**WORK TO COMPLETE**
Reproduce, please, only the lines from the first line below to the line containing "have [q [qpy", inclusive.

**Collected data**
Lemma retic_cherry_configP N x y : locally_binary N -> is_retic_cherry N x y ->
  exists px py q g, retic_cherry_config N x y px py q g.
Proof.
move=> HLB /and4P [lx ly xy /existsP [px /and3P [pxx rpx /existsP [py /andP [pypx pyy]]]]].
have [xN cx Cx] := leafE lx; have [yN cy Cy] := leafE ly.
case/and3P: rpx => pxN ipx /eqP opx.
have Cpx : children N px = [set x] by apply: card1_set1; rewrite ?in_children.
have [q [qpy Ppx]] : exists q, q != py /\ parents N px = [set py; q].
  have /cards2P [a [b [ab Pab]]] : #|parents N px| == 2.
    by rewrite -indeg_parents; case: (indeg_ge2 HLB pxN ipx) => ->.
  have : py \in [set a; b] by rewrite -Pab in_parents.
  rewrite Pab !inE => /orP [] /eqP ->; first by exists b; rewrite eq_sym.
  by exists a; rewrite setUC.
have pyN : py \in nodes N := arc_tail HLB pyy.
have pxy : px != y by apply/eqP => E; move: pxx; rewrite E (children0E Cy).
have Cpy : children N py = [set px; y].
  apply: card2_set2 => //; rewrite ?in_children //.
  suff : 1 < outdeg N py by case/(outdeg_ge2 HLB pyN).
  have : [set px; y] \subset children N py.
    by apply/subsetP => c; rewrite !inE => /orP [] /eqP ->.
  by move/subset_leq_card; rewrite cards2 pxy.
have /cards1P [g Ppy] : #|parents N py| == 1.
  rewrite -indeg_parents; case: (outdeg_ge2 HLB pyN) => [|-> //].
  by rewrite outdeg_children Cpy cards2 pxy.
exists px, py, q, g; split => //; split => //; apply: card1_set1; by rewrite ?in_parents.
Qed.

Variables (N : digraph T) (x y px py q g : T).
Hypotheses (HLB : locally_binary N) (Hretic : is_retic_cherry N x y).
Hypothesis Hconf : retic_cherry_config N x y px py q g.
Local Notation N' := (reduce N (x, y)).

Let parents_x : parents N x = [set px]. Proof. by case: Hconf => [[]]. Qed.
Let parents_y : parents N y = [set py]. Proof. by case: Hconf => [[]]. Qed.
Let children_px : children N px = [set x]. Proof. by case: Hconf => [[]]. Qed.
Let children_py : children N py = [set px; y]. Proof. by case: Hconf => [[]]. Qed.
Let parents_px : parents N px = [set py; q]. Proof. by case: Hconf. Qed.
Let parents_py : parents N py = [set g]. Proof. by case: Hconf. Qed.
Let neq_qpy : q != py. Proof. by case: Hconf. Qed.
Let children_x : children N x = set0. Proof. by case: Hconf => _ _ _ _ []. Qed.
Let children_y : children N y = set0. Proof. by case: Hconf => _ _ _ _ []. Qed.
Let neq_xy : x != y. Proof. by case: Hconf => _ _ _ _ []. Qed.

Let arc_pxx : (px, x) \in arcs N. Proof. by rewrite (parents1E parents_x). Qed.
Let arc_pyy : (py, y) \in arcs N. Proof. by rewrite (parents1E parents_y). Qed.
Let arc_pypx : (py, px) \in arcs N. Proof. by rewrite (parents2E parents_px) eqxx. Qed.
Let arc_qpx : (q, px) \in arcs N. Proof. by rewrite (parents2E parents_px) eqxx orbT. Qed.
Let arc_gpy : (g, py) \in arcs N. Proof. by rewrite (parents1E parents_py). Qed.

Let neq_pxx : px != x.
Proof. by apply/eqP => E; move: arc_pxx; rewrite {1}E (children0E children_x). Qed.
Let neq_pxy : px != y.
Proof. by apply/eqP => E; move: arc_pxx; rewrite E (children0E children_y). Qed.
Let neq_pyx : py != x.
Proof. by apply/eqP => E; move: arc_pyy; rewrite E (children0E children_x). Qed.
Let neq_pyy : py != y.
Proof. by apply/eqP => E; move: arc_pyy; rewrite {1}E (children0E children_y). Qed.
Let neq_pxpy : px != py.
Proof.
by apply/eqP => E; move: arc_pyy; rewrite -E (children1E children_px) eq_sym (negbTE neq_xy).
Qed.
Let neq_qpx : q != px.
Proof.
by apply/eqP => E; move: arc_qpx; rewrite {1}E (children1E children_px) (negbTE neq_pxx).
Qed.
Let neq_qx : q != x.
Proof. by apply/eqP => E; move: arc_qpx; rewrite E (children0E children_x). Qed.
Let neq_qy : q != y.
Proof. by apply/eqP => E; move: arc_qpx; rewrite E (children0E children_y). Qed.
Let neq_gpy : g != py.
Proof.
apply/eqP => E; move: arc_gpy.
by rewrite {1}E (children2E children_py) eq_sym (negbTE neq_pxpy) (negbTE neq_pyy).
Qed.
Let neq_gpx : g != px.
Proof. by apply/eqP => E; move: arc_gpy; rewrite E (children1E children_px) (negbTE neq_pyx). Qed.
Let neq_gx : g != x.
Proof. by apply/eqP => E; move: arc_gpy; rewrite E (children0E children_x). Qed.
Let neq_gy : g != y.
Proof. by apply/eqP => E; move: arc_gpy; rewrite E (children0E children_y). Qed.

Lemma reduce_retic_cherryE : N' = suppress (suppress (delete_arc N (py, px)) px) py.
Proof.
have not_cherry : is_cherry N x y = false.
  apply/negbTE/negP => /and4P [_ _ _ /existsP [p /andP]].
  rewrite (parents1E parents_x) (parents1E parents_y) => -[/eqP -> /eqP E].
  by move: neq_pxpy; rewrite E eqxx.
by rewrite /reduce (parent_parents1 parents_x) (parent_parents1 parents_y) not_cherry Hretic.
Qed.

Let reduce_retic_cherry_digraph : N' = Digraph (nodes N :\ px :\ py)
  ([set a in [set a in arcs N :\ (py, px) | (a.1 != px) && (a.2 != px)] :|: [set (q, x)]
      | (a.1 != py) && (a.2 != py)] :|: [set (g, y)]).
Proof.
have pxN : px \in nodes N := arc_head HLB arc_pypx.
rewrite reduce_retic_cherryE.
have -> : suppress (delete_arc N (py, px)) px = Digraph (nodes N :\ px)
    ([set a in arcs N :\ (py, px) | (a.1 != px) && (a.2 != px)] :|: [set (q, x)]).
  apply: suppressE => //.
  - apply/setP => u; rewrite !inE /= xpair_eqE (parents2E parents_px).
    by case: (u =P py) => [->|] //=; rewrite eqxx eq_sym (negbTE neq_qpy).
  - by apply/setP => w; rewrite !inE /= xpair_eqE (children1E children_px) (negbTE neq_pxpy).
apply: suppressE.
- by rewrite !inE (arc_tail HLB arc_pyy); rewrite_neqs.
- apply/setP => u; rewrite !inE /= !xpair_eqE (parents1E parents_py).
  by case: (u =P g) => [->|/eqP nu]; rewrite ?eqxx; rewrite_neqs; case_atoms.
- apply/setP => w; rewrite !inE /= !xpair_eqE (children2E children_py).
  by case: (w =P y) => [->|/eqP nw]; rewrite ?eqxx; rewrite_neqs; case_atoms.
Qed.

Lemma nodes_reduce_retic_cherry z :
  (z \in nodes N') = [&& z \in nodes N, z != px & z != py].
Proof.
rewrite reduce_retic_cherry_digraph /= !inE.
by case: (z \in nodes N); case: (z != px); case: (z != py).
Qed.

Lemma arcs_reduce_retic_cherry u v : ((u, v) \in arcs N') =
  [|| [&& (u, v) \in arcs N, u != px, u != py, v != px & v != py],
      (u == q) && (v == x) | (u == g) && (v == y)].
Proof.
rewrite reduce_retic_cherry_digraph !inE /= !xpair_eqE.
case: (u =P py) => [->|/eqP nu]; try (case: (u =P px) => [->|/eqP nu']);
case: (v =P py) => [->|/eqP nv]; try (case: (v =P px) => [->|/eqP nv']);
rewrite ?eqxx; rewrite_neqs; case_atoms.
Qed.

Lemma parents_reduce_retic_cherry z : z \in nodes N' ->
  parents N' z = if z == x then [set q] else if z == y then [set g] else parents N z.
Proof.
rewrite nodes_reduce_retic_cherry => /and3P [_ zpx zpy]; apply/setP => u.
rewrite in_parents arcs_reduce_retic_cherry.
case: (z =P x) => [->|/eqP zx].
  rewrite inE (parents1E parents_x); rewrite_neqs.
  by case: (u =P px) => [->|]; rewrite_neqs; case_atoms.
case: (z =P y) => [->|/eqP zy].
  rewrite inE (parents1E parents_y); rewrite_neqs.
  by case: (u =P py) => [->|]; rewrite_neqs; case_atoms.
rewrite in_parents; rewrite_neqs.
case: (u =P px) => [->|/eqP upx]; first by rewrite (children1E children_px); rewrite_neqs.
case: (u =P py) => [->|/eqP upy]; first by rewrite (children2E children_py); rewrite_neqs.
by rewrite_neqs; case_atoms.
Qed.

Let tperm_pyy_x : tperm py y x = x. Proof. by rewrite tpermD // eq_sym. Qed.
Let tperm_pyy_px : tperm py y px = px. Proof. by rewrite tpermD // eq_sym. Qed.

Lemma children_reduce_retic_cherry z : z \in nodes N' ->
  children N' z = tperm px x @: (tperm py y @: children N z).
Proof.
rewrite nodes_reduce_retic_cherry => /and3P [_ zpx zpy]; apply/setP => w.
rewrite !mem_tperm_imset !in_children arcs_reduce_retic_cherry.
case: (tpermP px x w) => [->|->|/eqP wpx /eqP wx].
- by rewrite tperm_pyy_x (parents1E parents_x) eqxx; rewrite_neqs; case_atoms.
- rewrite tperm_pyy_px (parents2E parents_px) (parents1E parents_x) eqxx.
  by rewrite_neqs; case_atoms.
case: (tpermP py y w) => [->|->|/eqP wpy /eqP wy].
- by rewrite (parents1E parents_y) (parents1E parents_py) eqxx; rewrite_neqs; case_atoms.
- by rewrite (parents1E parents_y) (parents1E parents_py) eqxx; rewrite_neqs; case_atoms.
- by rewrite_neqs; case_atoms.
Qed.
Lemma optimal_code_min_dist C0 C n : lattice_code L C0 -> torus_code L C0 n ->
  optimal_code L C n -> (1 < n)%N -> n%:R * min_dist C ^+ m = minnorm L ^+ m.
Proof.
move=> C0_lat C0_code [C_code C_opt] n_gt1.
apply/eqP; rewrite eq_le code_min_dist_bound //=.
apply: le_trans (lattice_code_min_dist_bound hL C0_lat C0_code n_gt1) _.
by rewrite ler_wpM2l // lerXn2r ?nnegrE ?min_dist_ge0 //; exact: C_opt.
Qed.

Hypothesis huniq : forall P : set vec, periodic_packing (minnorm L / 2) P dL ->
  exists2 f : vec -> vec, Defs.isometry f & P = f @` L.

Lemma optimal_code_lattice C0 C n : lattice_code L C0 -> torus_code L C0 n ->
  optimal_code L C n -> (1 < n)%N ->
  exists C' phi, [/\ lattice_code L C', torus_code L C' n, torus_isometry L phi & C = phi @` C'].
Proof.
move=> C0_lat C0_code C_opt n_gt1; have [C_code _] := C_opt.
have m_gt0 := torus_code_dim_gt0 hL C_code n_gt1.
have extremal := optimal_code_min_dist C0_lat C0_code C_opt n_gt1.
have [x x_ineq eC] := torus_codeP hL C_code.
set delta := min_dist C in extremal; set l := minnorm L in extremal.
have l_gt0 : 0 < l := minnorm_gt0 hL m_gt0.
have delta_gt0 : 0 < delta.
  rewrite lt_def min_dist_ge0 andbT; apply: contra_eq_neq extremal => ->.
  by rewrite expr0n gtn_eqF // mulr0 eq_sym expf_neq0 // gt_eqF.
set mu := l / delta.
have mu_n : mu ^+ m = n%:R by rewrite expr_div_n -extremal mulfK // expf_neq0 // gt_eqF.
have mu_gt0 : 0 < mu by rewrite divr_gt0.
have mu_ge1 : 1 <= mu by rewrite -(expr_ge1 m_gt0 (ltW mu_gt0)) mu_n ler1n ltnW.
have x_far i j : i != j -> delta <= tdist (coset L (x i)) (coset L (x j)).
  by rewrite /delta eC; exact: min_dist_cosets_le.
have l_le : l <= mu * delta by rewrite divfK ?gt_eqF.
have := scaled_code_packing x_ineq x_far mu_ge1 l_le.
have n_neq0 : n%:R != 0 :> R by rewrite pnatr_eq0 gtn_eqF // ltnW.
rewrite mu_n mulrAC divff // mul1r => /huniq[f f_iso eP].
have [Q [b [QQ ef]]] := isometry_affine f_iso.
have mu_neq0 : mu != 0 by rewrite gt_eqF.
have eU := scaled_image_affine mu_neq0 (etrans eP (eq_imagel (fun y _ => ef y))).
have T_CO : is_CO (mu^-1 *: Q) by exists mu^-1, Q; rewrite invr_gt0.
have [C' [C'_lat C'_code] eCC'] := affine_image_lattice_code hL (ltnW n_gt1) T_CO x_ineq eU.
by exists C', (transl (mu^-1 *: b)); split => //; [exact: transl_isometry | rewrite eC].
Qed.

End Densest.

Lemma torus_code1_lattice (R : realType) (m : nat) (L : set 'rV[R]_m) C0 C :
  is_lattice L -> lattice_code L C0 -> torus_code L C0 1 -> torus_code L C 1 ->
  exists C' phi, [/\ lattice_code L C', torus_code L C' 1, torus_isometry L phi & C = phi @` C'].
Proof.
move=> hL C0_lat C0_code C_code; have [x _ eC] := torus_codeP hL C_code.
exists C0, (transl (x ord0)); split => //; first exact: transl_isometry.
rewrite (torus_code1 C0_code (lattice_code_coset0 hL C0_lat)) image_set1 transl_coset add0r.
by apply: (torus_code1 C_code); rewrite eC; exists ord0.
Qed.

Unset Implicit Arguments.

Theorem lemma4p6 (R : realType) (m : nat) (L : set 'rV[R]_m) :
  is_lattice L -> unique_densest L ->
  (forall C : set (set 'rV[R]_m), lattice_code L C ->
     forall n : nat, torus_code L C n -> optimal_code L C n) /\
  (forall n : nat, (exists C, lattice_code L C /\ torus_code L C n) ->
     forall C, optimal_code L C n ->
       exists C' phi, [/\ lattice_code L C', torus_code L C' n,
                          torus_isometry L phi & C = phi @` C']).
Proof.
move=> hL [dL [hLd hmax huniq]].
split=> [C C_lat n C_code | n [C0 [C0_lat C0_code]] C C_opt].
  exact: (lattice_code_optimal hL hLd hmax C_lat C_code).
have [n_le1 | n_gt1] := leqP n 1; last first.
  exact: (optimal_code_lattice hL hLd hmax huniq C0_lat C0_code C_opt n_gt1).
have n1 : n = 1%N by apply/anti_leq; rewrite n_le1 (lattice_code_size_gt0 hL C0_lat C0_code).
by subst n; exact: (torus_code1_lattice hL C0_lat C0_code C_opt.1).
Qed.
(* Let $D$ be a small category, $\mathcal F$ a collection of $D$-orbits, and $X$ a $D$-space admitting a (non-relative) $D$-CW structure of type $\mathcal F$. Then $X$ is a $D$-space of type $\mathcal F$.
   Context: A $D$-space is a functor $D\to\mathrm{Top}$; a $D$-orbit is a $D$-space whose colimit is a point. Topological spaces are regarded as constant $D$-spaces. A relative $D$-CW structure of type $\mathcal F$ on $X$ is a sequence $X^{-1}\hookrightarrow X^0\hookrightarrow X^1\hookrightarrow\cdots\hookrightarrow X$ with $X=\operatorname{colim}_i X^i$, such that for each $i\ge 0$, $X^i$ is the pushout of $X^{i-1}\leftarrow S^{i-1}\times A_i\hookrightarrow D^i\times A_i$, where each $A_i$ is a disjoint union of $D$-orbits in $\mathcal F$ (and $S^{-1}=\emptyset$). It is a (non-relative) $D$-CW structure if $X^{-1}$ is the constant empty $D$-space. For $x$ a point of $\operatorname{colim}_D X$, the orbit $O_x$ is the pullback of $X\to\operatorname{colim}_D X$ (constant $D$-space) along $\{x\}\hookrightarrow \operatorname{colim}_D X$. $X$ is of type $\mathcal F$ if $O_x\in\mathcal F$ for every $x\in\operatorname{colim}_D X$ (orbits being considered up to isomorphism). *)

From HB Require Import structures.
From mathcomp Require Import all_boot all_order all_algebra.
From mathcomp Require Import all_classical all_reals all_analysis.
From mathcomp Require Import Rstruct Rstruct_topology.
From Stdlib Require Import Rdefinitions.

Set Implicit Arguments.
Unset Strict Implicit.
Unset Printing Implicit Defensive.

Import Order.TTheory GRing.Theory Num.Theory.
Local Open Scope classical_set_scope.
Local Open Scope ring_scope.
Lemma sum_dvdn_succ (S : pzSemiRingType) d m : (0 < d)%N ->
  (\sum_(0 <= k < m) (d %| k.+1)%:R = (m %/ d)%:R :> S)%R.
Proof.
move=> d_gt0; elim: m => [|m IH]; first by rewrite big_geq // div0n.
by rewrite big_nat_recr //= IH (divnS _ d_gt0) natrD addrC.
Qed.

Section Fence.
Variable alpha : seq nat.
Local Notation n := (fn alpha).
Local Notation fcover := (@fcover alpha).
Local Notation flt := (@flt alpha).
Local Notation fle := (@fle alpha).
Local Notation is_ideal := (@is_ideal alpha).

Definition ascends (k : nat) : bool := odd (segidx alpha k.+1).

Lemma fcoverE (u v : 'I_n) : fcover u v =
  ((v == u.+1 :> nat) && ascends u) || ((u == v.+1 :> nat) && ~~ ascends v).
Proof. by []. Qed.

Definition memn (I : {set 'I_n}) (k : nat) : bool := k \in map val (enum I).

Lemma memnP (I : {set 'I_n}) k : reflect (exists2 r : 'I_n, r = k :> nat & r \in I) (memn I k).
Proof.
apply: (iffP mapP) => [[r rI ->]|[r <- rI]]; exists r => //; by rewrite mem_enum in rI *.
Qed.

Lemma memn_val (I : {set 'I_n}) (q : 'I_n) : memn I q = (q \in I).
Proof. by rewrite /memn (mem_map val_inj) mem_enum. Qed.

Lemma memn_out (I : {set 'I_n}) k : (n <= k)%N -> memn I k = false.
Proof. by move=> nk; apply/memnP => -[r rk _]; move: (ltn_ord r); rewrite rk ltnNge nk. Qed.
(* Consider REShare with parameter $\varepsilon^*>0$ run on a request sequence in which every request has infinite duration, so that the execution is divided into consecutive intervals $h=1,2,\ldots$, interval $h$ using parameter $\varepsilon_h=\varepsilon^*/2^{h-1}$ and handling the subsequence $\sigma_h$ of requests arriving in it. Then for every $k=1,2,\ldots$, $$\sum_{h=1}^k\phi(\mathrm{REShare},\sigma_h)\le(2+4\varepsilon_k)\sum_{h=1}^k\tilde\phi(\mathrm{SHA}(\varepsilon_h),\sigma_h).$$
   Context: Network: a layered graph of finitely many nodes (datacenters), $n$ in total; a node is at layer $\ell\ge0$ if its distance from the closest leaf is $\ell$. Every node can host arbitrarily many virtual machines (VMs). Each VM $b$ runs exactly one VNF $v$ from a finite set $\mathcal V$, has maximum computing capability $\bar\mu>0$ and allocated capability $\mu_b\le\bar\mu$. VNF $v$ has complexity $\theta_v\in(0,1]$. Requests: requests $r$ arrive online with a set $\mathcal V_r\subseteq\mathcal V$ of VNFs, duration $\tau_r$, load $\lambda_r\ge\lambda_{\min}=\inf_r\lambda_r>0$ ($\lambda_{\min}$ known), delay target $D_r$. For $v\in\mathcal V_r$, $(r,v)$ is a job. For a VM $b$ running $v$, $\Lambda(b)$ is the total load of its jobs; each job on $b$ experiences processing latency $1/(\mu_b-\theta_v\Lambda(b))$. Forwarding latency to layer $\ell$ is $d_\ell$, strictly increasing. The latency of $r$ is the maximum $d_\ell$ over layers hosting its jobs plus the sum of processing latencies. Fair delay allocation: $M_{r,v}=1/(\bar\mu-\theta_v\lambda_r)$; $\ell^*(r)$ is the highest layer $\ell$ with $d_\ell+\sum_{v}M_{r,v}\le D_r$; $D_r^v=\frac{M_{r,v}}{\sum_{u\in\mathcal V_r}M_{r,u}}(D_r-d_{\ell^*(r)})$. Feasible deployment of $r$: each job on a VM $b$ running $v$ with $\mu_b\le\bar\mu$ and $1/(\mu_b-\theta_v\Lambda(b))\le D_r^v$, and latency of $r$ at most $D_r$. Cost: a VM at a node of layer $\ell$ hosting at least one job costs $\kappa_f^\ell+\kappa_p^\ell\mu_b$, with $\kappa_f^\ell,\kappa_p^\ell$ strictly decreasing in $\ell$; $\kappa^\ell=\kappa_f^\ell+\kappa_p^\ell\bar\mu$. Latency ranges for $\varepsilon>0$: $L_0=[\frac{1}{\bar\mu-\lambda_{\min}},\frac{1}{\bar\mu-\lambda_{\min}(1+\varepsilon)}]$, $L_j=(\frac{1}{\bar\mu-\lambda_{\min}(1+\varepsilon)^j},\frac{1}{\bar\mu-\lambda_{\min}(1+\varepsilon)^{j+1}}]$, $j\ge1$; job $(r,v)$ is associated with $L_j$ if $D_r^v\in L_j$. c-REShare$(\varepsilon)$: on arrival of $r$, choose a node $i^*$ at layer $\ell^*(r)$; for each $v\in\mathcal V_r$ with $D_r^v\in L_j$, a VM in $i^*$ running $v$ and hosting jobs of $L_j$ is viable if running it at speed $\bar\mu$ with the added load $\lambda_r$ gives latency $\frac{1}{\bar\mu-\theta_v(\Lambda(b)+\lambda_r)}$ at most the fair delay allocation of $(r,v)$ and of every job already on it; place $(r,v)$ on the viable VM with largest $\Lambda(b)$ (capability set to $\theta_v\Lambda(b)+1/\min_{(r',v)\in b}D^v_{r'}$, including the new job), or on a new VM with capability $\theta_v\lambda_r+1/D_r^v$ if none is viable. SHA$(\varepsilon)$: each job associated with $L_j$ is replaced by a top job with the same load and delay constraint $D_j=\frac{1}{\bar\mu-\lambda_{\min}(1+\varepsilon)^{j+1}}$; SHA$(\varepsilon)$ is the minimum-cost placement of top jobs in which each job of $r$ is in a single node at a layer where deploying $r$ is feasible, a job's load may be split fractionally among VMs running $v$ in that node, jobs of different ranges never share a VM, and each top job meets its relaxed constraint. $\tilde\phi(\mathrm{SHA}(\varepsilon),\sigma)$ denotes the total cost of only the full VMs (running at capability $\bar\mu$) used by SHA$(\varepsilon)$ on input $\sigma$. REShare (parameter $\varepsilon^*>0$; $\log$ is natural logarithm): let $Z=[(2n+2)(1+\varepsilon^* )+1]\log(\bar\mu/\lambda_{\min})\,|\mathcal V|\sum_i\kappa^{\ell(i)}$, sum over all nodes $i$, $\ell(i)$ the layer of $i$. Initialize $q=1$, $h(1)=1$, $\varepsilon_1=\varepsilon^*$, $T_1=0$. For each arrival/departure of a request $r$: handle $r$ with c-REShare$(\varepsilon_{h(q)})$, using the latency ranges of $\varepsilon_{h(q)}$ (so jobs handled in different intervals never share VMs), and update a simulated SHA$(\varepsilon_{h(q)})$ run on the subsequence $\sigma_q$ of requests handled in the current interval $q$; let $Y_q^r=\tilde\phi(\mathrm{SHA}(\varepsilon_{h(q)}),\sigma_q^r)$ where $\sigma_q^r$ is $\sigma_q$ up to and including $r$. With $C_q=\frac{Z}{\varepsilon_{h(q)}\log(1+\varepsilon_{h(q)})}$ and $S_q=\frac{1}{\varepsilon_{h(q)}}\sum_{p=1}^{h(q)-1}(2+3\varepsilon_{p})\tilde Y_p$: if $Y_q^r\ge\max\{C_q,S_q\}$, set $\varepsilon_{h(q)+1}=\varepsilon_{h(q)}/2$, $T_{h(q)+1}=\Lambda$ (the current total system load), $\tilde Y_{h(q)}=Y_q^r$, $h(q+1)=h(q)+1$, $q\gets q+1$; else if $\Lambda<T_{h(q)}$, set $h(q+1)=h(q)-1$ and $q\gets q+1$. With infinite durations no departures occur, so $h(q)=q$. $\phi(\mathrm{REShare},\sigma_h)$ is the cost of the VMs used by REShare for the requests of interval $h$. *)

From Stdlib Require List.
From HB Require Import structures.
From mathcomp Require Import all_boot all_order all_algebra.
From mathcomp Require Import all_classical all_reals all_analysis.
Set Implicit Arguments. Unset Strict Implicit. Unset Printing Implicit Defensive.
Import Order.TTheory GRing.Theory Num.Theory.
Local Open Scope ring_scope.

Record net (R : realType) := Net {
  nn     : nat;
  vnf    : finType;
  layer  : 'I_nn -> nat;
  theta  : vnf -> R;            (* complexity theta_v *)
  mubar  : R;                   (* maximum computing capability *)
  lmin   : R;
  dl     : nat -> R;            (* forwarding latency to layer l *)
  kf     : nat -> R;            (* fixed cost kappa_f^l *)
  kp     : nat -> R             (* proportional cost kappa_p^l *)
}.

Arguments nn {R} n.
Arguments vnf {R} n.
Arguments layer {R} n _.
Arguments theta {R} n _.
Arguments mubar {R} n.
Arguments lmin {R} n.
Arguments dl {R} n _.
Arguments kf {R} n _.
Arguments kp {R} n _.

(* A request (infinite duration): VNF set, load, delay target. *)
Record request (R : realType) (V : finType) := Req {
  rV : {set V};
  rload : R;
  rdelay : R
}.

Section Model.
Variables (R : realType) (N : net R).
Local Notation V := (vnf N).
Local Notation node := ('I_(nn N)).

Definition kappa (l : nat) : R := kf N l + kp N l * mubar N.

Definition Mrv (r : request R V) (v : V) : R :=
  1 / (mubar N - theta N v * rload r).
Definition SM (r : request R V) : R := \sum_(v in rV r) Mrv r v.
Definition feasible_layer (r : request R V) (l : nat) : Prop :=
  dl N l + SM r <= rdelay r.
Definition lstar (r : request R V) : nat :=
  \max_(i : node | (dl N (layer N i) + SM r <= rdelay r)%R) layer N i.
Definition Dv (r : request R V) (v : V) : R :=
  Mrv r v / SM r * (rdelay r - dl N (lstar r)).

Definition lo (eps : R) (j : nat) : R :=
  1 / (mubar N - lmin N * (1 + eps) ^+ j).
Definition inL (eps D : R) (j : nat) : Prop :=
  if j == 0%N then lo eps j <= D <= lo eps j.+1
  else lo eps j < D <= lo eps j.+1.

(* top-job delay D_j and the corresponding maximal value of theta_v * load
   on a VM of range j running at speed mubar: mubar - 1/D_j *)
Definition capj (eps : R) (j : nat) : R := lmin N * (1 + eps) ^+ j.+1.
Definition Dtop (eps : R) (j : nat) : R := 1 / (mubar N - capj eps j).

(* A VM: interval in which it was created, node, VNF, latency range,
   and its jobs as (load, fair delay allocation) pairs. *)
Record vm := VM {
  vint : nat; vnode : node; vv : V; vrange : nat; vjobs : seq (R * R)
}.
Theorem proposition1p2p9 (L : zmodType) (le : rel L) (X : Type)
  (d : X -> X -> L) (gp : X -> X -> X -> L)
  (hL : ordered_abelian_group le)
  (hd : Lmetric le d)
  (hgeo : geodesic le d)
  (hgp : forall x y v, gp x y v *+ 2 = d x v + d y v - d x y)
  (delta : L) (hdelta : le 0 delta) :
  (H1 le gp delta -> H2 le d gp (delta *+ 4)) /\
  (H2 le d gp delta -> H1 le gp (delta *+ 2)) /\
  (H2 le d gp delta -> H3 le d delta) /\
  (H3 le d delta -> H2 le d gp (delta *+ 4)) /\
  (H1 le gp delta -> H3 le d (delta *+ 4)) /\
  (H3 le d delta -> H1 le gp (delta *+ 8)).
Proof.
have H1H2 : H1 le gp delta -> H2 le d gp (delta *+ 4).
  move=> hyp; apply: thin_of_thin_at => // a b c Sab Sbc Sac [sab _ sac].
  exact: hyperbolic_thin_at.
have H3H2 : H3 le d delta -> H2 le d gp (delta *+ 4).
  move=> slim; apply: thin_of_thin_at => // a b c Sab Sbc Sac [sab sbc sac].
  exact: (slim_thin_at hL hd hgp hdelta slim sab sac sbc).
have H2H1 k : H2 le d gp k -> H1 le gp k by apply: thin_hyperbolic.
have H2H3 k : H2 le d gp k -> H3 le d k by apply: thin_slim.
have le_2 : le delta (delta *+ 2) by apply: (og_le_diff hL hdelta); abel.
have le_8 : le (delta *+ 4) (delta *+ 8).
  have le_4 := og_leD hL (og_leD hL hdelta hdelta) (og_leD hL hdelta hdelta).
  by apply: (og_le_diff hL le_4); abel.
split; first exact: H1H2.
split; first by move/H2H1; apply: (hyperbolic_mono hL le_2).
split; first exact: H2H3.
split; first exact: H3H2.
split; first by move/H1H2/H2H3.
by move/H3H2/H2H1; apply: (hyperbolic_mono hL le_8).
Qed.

**RESPONSE FOR THIS EXERCISE**
Lemma retic_cherry_configP N x y : locally_binary N -> is_retic_cherry N x y ->
  exists px py q g, retic_cherry_config N x y px py q g.
Proof.
move=> HLB /and4P [lx ly xy /existsP [px /and3P [pxx rpx /existsP [py /andP [pypx pyy]]]]].
have [xN cx Cx] := leafE lx; have [yN cy Cy] := leafE ly.
case/and3P: rpx => pxN ipx /eqP opx.
have Cpx : children N px = [set x] by apply: card1_set1; rewrite ?in_children.
have [q [qpy Ppx]] : exists q, q != py /\ parents N px = [set py; q].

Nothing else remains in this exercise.